- Born: April 16, 1946 (age 80) Washington, D.C., U.S.
- Education: University of Maryland
- Notable work: The Great Reckoning, Sovereign Individual

= James Dale Davidson =

American writer

James Dale Davidson (born April 16, 1946) is an American private investor and investment writer, co-writer of the newsletter Strategic Investment, and co-author with William Rees-Mogg of Blood in the Streets: Investment Profits in a World Gone Mad (1987), The Great Reckoning (1991), and The Sovereign Individual (1997). He wrote The Plague of the Black Debt - How to Survive the Coming Depression in 1993 in which he incorrectly predicted that as part of a "deep depression...Clinton is going to be a one-term president...I am as sure of this as I am that the sun will rise tomorrow" and that the US national debt would increase by a trillion dollars during Clinton's "one-term" presidency. He further wrote in the book that Boris Yeltsin, President of the Russian Federation, would lose his job and that Russia will come under the control of a nationalist, militarist regime. He has been credited with predicting the U.S. subprime mortgage crisis, though much earlier than it actually occurred.

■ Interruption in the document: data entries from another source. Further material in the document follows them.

(* For any nonempty word $\mathfrak u\in\langle\Gamma\rangle$ and $\varepsilon\in\mathbb F_q^*$, $\Delta(\varphi_\varepsilon(\mathfrak u))=(\varphi_\varepsilon\otimes\mathrm{id})(\Delta(\mathfrak u))+(\mathrm{id}\otimes\varphi_\varepsilon-\varphi_\varepsilon\otimes\mathrm{id})(1\otimes\mathfrak u)$.
   Context: Let $q$ be a prime power. Let $\Gamma=\{x_{n,\varepsilon}\}_{n\in\mathbb N,\varepsilon\in\mathbb F_q^*}$ with weights $w(x_{n,\varepsilon})=n$, $\langle\Gamma\rangle$ the set of words over $\Gamma$ (empty word $1$, juxtaposition = concatenation, depth = number of letters, weight = sum of letter weights), $\mathfrak D$ the $\mathbb F_q$-vector space with basis $\langle\Gamma\rangle$; write $x_n:=x_{n,1}$. For positive integers $r,s,j$ put $\Delta^j_{r,s}=(-1)^{r-1}\binom{j-1}{r-1}+(-1)^{s-1}\binom{j-1}{s-1}$ if $(q-1)\mid j$ and $0$ otherwise. The bilinear products $\diamond,\sqcup\!\sqcup$ on $\mathfrak D$ are defined recursively by $1\diamond\mathfrak a=\mathfrak a\diamond1=\mathfrak a$, $1\sqcup\!\sqcup\mathfrak a=\mathfrak a\sqcup\!\sqcup1=\mathfrak a$ and, for nonempty $\mathfrak a=x_{a,\alpha}\mathfrak a_-$, $\mathfrak b=x_{b,\beta}\mathfrak b_-$: $\mathfrak a\diamond\mathfrak b=x_{a+b,\alpha\beta}(\mathfrak a_-\sqcup\!\sqcup\mathfrak b_-)+\sum_{i+j=a+b}\Delta^j_{a,b}x_{i,\alpha\beta}(x_j\sqcup\!\sqcup(\mathfrak a_-\sqcup\!\sqcup\mathfrak b_-))$, $\mathfrak a\sqcup\!\sqcup\mathfrak b=x_{a,\alpha}(\mathfrak a_-\sqcup\!\sqcup\mathfrak b)+x_{b,\beta}(\mathfrak a\sqcup\!\sqcup\mathfrak b_-)+\mathfrak a\diamond\mathfrak b$. For a word $\mathfrak a=x_{i_1}\cdots x_{i_m}$ with all characters $1$ put $[\mathfrak a]=(-1)^m\Delta^{i_1}_{1,w(\mathfrak a)+1}\cdots\Delta^{i_m}_{1,w(\mathfrak a)+1}x_{i_1}\sqcup\!\sqcup\cdots\sqcup\!\sqcup x_{i_m}$, $[1]=1$. The coproduct $\Delta:\mathfrak D\to\mathfrak D\otimes\mathfrak D$ is linear with $\Delta(1)=1\otimes1$, $\Delta(x_{n,\varepsilon})=1\otimes x_{n,\varepsilon}+\sum_{r\ge1,\ r+w(\mathfrak a)=n}\binom{r+\mathrm{depth}(\mathfrak a)-2}{\mathrm{depth}(\mathfrak a)}x_{r,\varepsilon}\otimes[\mathfrak a]$ (sum over words $\mathfrak a$ with all characters $1$), and for $\mathfrak u=x_{u,\varepsilon}\mathfrak v$ of depth $\ge2$, writing $\Delta(x_{u,\varepsilon})=1\otimes x_{u,\varepsilon}+\sum a\otimes b$ and $\Delta(\mathfrak v)=\sum a_{\mathfrak v}\otimes b_{\mathfrak v}$, $\Delta(\mathfrak u)=1\otimes\mathfrak u+\sum(a\,a_{\mathfrak v})\otimes(b\sqcup\!\sqcup b_{\mathfrak v})$. For $\varepsilon\in\mathbb F_q^*$ the horizontal map $\varphi_\varepsilon:\mathfrak D\to\mathfrak D$ is linear with $\varphi_\varepsilon(1)=1$ and $\varphi_\varepsilon(x_{u,\eta}\mathfrak u_-)=x_{u,\varepsilon\eta}\mathfrak u_-$. *)

From mathcomp Require Import all_boot all_algebra.
Set Implicit Arguments. Unset Strict Implicit. Unset Printing Implicit Defensive.
Import GRing.Theory.
Local Open Scope ring_scope.

Section Hopf.
Variable F : finFieldType.  (* F = F_q, q = #|F| *)

(* A letter x_{n,eps} is the pair (n, eps); words are sequences of letters,
   the empty word is [::] and juxtaposition is concatenation. *)
Definition letter := (nat * F)%type.
Definition word := seq letter.

(* Elements of the free F-vector space on a type K (K = word for D,
   K = word * word for D (x) D) are represented as finite formal linear
   combinations; two of them are equal iff all coefficients agree. *)
Definition lin (K : Type) := seq (F * K).
Definition coef (K : eqType) (x : lin K) (k : K) : F :=
  \sum_(p <- x | p.2 == k) p.1.
Definition bind (K L : Type) (f : K -> lin L) (x : lin K) : lin L :=
  flatten [seq [seq (p.1 * r.1, r.2) | r <- f p.2] | p <- x].
Definition lmap (K L : Type) (f : K -> L) (x : lin K) : lin L :=
  [seq (p.1, f p.2) | p <- x].
Definition lscale (K : Type) (c : F) (x : lin K) : lin K :=
  [seq (c * p.1, p.2) | p <- x].
Definition prefix (l : letter) (x : lin word) : lin word := lmap (cons l) x.

Definition DeltaC (r s j : nat) : F :=
  if (#|F|.-1 %| j)%N then
    (-1) ^+ r.-1 * ('C(j.-1, r.-1))%:R + (-1) ^+ s.-1 * ('C(j.-1, s.-1))%:R
  else 0.

(* The shuffle product, defined by the mutual recursion of the paper
   (the diamond product is inlined); the fuel argument only ensures
   termination and is always sufficient (sh below). *)
Fixpoint shF (n : nat) (a b : word) : lin word :=
  match n with
  | 0 => [::]
  | n'.+1 =>
    match a, b with
    | [::], _ => [:: (1, b)]
    | _, [::] => [:: (1, a)]
    | x :: a', y :: b' =>
      let: (ka, al) := x in let: (kb, be) := y in
      let T := shF n' a' b' in
      prefix x (shF n' a' b) ++ prefix y (shF n' a b') ++
      (* a <> b = x_{a+b,al be}(a_- sh b_-)
                  + sum_{i+j=a+b} Delta^j_{a,b} x_{i,al be}(x_j sh (a_- sh b_-)) *)
      prefix ((ka + kb)%N, al * be) T ++
      flatten [seq lscale (DeltaC ka kb j)
                 (prefix (((ka + kb) - j)%N, al * be)
                    (bind (shF n' [:: (j, 1)]) T))
              | j <- iota 1 (ka + kb).-1]
    end
  end.

Definition sh (a b : word) : lin word := shF (size a + size b).+1 a b.

Fixpoint compsF (fuel m : nat) : seq (seq nat) :=
  match fuel with
  | 0 => if m == 0%N then [:: [::]] else [::]
  | f.+1 => if m == 0%N then [:: [::]] else
      flatten [seq map (cons k) (compsF f (m - k)) | k <- iota 1 m]
  end.
Definition comps (m : nat) : seq (seq nat) := compsF m m.

Definition word1 (c : seq nat) : word := [seq (i, 1) | i <- c].

Definition bracket (c : seq nat) : lin word :=
  lscale ((-1) ^+ size c * \prod_(i <- c) DeltaC 1 (sumn c).+1 i)
         (foldr (fun i acc => bind (sh [:: (i, 1)]) acc) [:: (1, [::])] c).

(* Delta(x_{n,eps}) - 1 (x) x_{n,eps} *)
Definition Dsum (x : letter) : lin (word * word) :=
  let: (n, e) := x in
  flatten [seq lscale ('C(r + size c - 2, size c))%:R
                 (lmap (fun w => ([:: (r, e)], w)) (bracket c))
          | r <- iota 1 n, c <- comps (n - r)].

Definition D1 (x : letter) : lin (word * word) := (1, ([::], [:: x])) :: Dsum x.

Fixpoint cop (u : word) : lin (word * word) :=
  match u with
  | [::] => [:: (1, ([::], [::]))]
  | x :: v =>
    match v with
    | [::] => D1 x
    | _ => (1, ([::], u)) ::
        flatten [seq flatten [seq [seq (p.1 * p'.1 * r.1, (p.2.1 ++ p'.2.1, r.2))
                                    | r <- sh p.2.2 p'.2.2]
                             | p' <- cop v]
                | p <- Dsum x]
    end
  end.

Definition phiw (e : F) (u : word) : word :=
  match u with
  | [::] => [::]
  | (n, h) :: r => (n, e * h) :: r
  end.

Definition tmap (f g : word -> word) (x : lin (word * word)) : lin (word * word) :=
  lmap (fun p => (f p.1, g p.2)) x.

End Hopf.

From mathcomp Require Import all_boot all_algebra.
From mathcomp Require Import ring.
Set Implicit Arguments. Unset Strict Implicit.
Import GRing.Theory.
Local Open Scope ring_scope.

(* Write a nonempty word as u = x_{n,h} v.  Its coproduct is 1 (x) u plus a
   remainder built from Delta(x_{n,h}) - 1 (x) x_{n,h} and Delta(v), and in
   Delta(x_{n,h}) - 1 (x) x_{n,h} the character h occurs only in the left
   factors x_{r,h}, which are single letters.  So phi_eps (x) id turns the
   remainder for x_{n,h} v into the remainder for x_{n,eps h} v; only the
   term 1 (x) u needs correcting. *)

Section Coproduct.
Variable F : finFieldType.

Lemma coef_nil (K : eqType) (k : K) : coef ([::] : lin F K) k = 0.
Proof. exact: big_nil. Qed.

Lemma coef_cat (K : eqType) (x y : lin F K) (k : K) :
  coef (x ++ y) k = coef x k + coef y k.
Proof. by rewrite /coef big_cat. Qed.

Lemma coef_cons (K : eqType) (x : lin F K) (c : F) (a k : K) :
  coef ((c, a) :: x) k = (if a == k then c else 0) + coef x k.
Proof. by rewrite /coef big_cons /=; case: (a == k); rewrite ?add0r. Qed.

Lemma lmap_comp (K L M : Type) (f : K -> L) (g : L -> M) (x : lin F K) :
  lmap g (lmap f x) = lmap (g \o f) x.
Proof. by rewrite /lmap -map_comp. Qed.

Definition Dsum_skeleton (n : nat) : lin F (nat * word F) :=
  flatten [seq lscale ('C(r + size c - 2, size c))%:R
                 (lmap (fun w => (r, w)) (bracket F c))
          | r <- iota 1 n, c <- comps (n - r)].

Lemma DsumE (n : nat) (h : F) :
  Dsum (n, h) = lmap (fun q => ([:: (q.1, h)], q.2)) (Dsum_skeleton n).
Proof.
rewrite /Dsum /Dsum_skeleton; elim: (iota 1 n) => //= r s IH.
rewrite !flatten_cat IH /lmap map_cat; congr cat.
elim: (comps (n - r)) => //= c t IHc.
by rewrite map_cat -IHc /lscale -!map_comp.
Qed.

Lemma tmap_phiw_Dsum (e : F) (n : nat) (h : F) :
  tmap (phiw e) id (Dsum (n, h)) = Dsum (n, e * h).
Proof. by rewrite /tmap !DsumE lmap_comp. Qed.

Definition cop_remainder (x : letter F) (v : word F) : lin F (word F * word F) :=
  if v is [::] then Dsum x else
  flatten [seq flatten [seq [seq (p.1 * p'.1 * r.1, (p.2.1 ++ p'.2.1, r.2))
                             | r <- sh p.2.2 p'.2.2]
                       | p' <- cop v]
          | p <- Dsum x].

Lemma cop_cons (x : letter F) (v : word F) :
  cop (x :: v) = (1, ([::], x :: v)) :: cop_remainder x v.
Proof. by case: v. Qed.

Lemma tmap_phiw_cop_remainder (e : F) (n : nat) (h : F) (v : word F) :
  tmap (phiw e) id (cop_remainder (n, h) v) = cop_remainder (n, e * h) v.
Proof.
case: v => [|y v]; first exact: tmap_phiw_Dsum.
rewrite /cop_remainder !DsumE /tmap /lmap map_flatten -!map_comp; congr flatten.
apply: eq_map => q /=; rewrite map_flatten -map_comp; congr flatten.
by apply: eq_map => p' /=; rewrite -map_comp.
Qed.

End Coproduct.

Theorem proposition6p2 (F : finFieldType) (u : word F) (e : F) :
  u != [::] ->
  all (fun l : letter F => (0 < l.1)%N) u ->
  all (fun l : letter F => l.2 != 0) u ->
  e != 0 ->
  forall p : word F * word F,
    coef (cop (phiw e u)) p =
    coef (tmap (phiw e) id (cop u)
          ++ tmap id (phiw e) [:: (1, ([::], u))]
          ++ lscale (-1) (tmap (phiw e) id [:: (1, ([::], u))])) p.
Proof.
case: u => [//|[n h] v] _ _ _ _ p.
rewrite [phiw e _]/= !cop_cons.
have -> : tmap (phiw e) id ((1, ([::], (n, h) :: v)) :: cop_remainder (n, h) v)
          = (1, ([::], (n, h) :: v)) :: cop_remainder (n, e * h) v.
  by rewrite -tmap_phiw_cop_remainder.
rewrite !coef_cat /tmap /lmap /lscale /= !coef_cons !coef_nil mulr1.
by case: ifP => _; case: ifP => _; ring.
Qed.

Davidson was the founder and former head of the National Taxpayers Union. On his website, Davidson claims to be a "famous economist", despite the fact that he has not received any university degree in economics or published in any peer-reviewed journal.

In his books and his monthly newsletter, Strategic Investment, Davidson has promoted conspiracy theories claimed to link the Clinton administration to the death of Deputy White House Counsel Vince Foster. Foster's death was deemed a suicide by five official or governmental investigations.

Davidson is an original investor and board member of the conservative news site Newsmax Media. In February 2010, he posted a video on the website AftershockProfits.com claiming that "supposed improvements" in the US economy during the Clinton administration were "faked by the government" and a "hoax."